Rickett and former Lee University golfer Caleb Roberson began the final round one stroke off the lead set by Matt Hadden who played the last seven holes of his first round on Sunday morning.

Rickett, playing one group in front of Phillips, owned a two-stroke lead after playing the 13th hole despite the fact that Phillips spun around the front nine at 5 under. Roberson and Hadden had faded from competition by this point.

But Rickett relinquished one stroke when his tee ball off the par-3 14th tee bounced into the water. Rickett gave away two more strokes on the par-3 16th when he needed two swipes to escape from a green-side bunker and two-putted for a double-bogey.

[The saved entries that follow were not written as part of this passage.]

(* Let $h_1,\dots,h_{m_1},g_1,\dots,g_{m_2}\in\mathbb{R}[X]$ with every $\deg g_j$ even, and let $U=\{x\in\mathbb{R}^n:h_i(x)=0\ (i=1,\dots,m_1),\ g_j(x)\ge0\ (j=1,\dots,m_2)\}$. Define $\tilde U^{o}=\{\tilde x=(x_0,x)\in\mathbb{R}^{n+1}:\tilde h_i(\tilde x)=0,\ \tilde g_j(\tilde x)\ge0,\ x_0>0\}$ and $\tilde U^{c}$ the same set with $x_0\ge0$ in place of $x_0>0$. Suppose $U$ is not compact. If $\mathrm{conv}(\overline{\tilde U^{o}})$ is closed and pointed, then $U$ is not closed at $\infty$, i.e. $\overline{\tilde U^{o}}\neq\tilde U^{c}$.
   Context: $X=(X_1,\dots,X_n)$, $\tilde X=(X_0,X)$. For $f\in\mathbb{R}[X]$ of degree $d$, its homogenization is $\tilde f(\tilde X)=X_0^df(X/X_0)$. A closed convex cone $K$ is pointed if $K\cap(-K)=\{0\}$. $U$ is closed at $\infty$ if $\overline{\tilde U^{o}}=\tilde U^{c}$. Overline denotes closure, $\mathrm{conv}$ convex hull. *)

From Stdlib Require Import Reals Lra List Arith.
Import ListNotations.
Open Scope R_scope.

(* Points of R^n are functions nat -> R; only coordinates i < n matter.
   All topological notions below only look at coordinates i < n. *)
Definition vec := nat -> R.

Definition sumR (n : nat) (f : nat -> R) : R :=
  fold_right Rplus 0 (map f (seq 0 n)).

Definition sumN (n : nat) (f : nat -> nat) : nat :=
  fold_right Nat.add 0%nat (map f (seq 0 n)).

Definition prodR (n : nat) (f : nat -> R) : R :=
  fold_right Rmult 1 (map f (seq 0 n)).

(* exponent vectors are lists of naturals of length n; coefficients are given
   by a function, with a duplicate-free finite list containing the support. *)
Record mpoly (n : nat) := MPoly {
  mcoef : list nat -> R;
  msupp : list (list nat);
  msupp_nodup : NoDup msupp;
  msupp_len : forall a, In a msupp -> length a = n;
  msupp_cover : forall a, mcoef a <> 0 -> In a msupp
}.
Arguments mcoef {n}.
Arguments msupp {n}.

Definition expo (n : nat) (a : list nat) (i : nat) : nat := nth i a 0%nat.

Definition mdeg_mono (n : nat) (a : list nat) : nat := sumN n (expo n a).

Definition mono_eval (n : nat) (a : list nat) (x : vec) : R :=
  prodR n (fun i => x i ^ expo n a i).

Definition peval {n} (f : mpoly n) (x : vec) : R :=
  fold_right Rplus 0 (map (fun a => mcoef f a * mono_eval n a x) (msupp f)).

(* total degree (degree of the zero polynomial is 0 by convention) *)
Definition pdeg {n} (f : mpoly n) : nat :=
  fold_right Nat.max 0%nat
    (map (fun a => if Req_EM_T (mcoef f a) 0 then 0%nat else mdeg_mono n a)
         (msupp f)).

(* homogenization evaluated at xt = (x0, x) in R^{n+1}, where xt 0 = x0 and
   xt (S i) = x_{i+1}:  ~f(xt) = x0^d f(x/x0) = sum_a c_a x0^(d-|a|) x^a *)
Definition hom_eval {n} (f : mpoly n) (xt : vec) : R :=
  fold_right Rplus 0
    (map (fun a => mcoef f a * xt 0%nat ^ (pdeg f - mdeg_mono n a)
                   * mono_eval n a (fun i => xt (S i)))
         (msupp f)).

Definition dist (n : nat) (x y : vec) : R :=
  sqrt (sumR n (fun i => (x i - y i) ^ 2)).

Definition closure (n : nat) (S : vec -> Prop) : vec -> Prop :=
  fun x => forall eps, 0 < eps -> exists y, S y /\ dist n x y < eps.

Definition is_closed (n : nat) (S : vec -> Prop) : Prop :=
  forall x, closure n S x -> S x.

Definition is_open (n : nat) (O : vec -> Prop) : Prop :=
  forall x, O x -> exists eps, 0 < eps /\ forall y, dist n x y < eps -> O y.

Definition is_compact (n : nat) (S : vec -> Prop) : Prop :=
  forall (I : Type) (O : I -> vec -> Prop),
    (forall i, is_open n (O i)) ->
    (forall x, S x -> exists i, O i x) ->
    exists l : list I, forall x, S x -> exists i, In i l /\ O i x.

Definition conv (n : nat) (S : vec -> Prop) : vec -> Prop :=
  fun x => exists l : list (R * vec),
    Forall (fun p => 0 <= fst p /\ S (snd p)) l /\
    fold_right Rplus 0 (map fst l) = 1 /\
    forall i, (i < n)%nat ->
      x i = fold_right Rplus 0 (map (fun p => fst p * snd p i) l).

Definition pointed (n : nat) (K : vec -> Prop) : Prop :=
  forall x, K x -> K (fun i => - x i) -> forall i, (i < n)%nat -> x i = 0.

Definition Uset (n m1 m2 : nat) (h g : nat -> mpoly n) : vec -> Prop :=
  fun x => (forall i, (i < m1)%nat -> peval (h i) x = 0) /\
           (forall j, (j < m2)%nat -> 0 <= peval (g j) x).

Definition Uo (n m1 m2 : nat) (h g : nat -> mpoly n) : vec -> Prop :=
  fun xt => (forall i, (i < m1)%nat -> hom_eval (h i) xt = 0) /\
            (forall j, (j < m2)%nat -> 0 <= hom_eval (g j) xt) /\
            0 < xt 0%nat.

Definition Uc (n m1 m2 : nat) (h g : nat -> mpoly n) : vec -> Prop :=
  fun xt => (forall i, (i < m1)%nat -> hom_eval (h i) xt = 0) /\
            (forall j, (j < m2)%nat -> 0 <= hom_eval (g j) xt) /\
            0 <= xt 0%nat.

Definition closed_at_inf (n m1 m2 : nat) (h g : nat -> mpoly n) : Prop :=
  forall xt, closure (S n) (Uo n m1 m2 h g) xt <-> Uc n m1 m2 h g xt.

(* We prove the contrapositive.  Assume [closure ~U^o = ~U^c].  On the
   hyperplane at infinity [x0 = 0] the homogenized constraints have the parity
   of their degrees, so evenness of the [deg g_j] makes [~U^c] symmetric there:
   a point [xt] of the closure with [x0 = 0] has [-xt] in the closure too, and
   pointedness forces [xt = 0].  Now map [U] into [R^(n+1)] by
   [lift x = (1, x) / (1 + |x|_1)]; the image lies in [~U^o] on the unit
   l1-sphere, so its closure is bounded, contained in [~U^c] and misses the
   origin, hence lies in [x0 > 0].  Dehomogenization [dehom] is continuous
   there and inverts [lift], so it pulls an open cover of [U] back to an open
   cover of this closure, and a Heine-Borel argument (proved below by
   bisection) yields a finite subcover: [U] is compact. *)

From Pilot Require Import Defs.
From Stdlib Require Import Reals Lra List Arith.
From Stdlib Require Import Lia ClassicalEpsilon Classical FunctionalExtensionality.
Open Scope R_scope.

Definition lsum (l : list nat) (f : nat -> R) : R := fold_right Rplus 0 (map f l).

Lemma sumR_lsum n f : sumR n f = lsum (seq 0 n) f.
Proof. reflexivity. Qed.

Lemma sumR_S n f : sumR (S n) f = f 0%nat + sumR n (fun j => f (S j)).
Proof. unfold sumR. simpl. rewrite <- seq_shift, map_map. reflexivity. Qed.

Lemma in_seq0 n i : In i (seq 0 n) <-> (i < n)%nat.
Proof. rewrite in_seq. lia. Qed.

Lemma lsum_scal l f c : lsum l (fun i => c * f i) = c * lsum l f.
Proof. induction l as [|a l IH]; unfold lsum in *; simpl; [ring | rewrite IH; ring]. Qed.

Lemma lsum_nonneg l f : (forall i, In i l -> 0 <= f i) -> 0 <= lsum l f.
Proof.
  unfold lsum; induction l as [|a l IH]; simpl; intros Hf; [lra|].
  assert (0 <= f a) by auto. assert (0 <= fold_right Rplus 0 (map f l)) by auto. lra.
Qed.

Lemma lsum_elem l f j : (forall i, In i l -> 0 <= f i) -> In j l -> f j <= lsum l f.
Proof.
  unfold lsum; induction l as [|a l IH]; simpl; intros Hf Hj; [contradiction|].
  assert (0 <= f a) by auto. assert (0 <= fold_right Rplus 0 (map f l)) by (apply lsum_nonneg; auto).
  destruct Hj as [<- | Hj]; [lra|]. assert (f j <= fold_right Rplus 0 (map f l)) by auto. lra.
Qed.

Lemma lsum_const_le l f c : (forall i, In i l -> f i <= c) -> lsum l f <= INR (length l) * c.
Proof.
  unfold lsum; induction l as [|a l IH]; cbn -[INR]; intros Hf; [simpl; lra|].
  assert (f a <= c) by auto. assert (fold_right Rplus 0 (map f l) <= INR (length l) * c) by auto.
  rewrite S_INR. lra.
Qed.

Lemma sqrt_sum_sq_le l (a : nat -> R) :
  sqrt (lsum l (fun i => a i ^ 2)) <= lsum l (fun i => Rabs (a i)).
Proof.
  assert (Hsq : lsum l (fun i => a i ^ 2) <= lsum l (fun i => Rabs (a i)) ^ 2).
  { induction l as [|i l IH]; unfold lsum in *; cbn [map fold_right]; [lra|].
    set (T := fold_right Rplus 0 (map (fun i => Rabs (a i)) l)) in *.
    assert (0 <= T) by (apply lsum_nonneg; intros; apply Rabs_pos).
    pose proof (Rabs_pos (a i)). rewrite <- (pow2_abs (a i)). nra. }
  rewrite <- (sqrt_pow2 (lsum l (fun i => Rabs (a i)))) by (apply lsum_nonneg; intros; apply Rabs_pos).
  apply sqrt_le_1_alt. exact Hsq.
Qed.

Lemma coord_le_dist k x y i : (i < k)%nat -> Rabs (x i - y i) <= Defs.dist k x y.
Proof.
  intros Hi. unfold Defs.dist. rewrite <- (sqrt_pow2 (Rabs (x i - y i))) by apply Rabs_pos.
  apply sqrt_le_1_alt. rewrite pow2_abs.
  apply (lsum_elem (seq 0 k) (fun i => (x i - y i) ^ 2)); [intros; apply pow2_ge_0 | apply in_seq0; auto].
Qed.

"It was a delicate bunker shot, and I tried to be too cute with it," Rickett said. "I haven't played competitive golf in two years, and if you're playing competitively, you don't make those mistakes. I made 13 or 14 birdies, and when you're making that many, something is right."

A few minutes later, Phillips poured in his fourth lengthy -- and unexpected -- birdie putt of the day for a birdie and a two-shot lead with two holes to play. He made two other unexpected putts earlier with the first coming on No. 5, the second on No. 6 and the third on No. 9 helping him turn at 5-under with a share of the lead.

"On 9, I was 18 feet left of the hole and I made that putt then that kind of unnerved me because I'm thinking, 'I'm in the running for the tournament," Phillips said. "I was shaky on 10, 11 and 12 and I tried to think about the process and not the results."

The result was a victory.

Perhaps more will come later this year and then next year when he becomes eligible to play in senior divisions and move closer by one set of teeing grounds.

"I am trying to play more and work on my game more this year because I'm looking forward to playing when I'm 55," Phillips said. "I'm working on my game some and I'm looking forward to the senior stuff."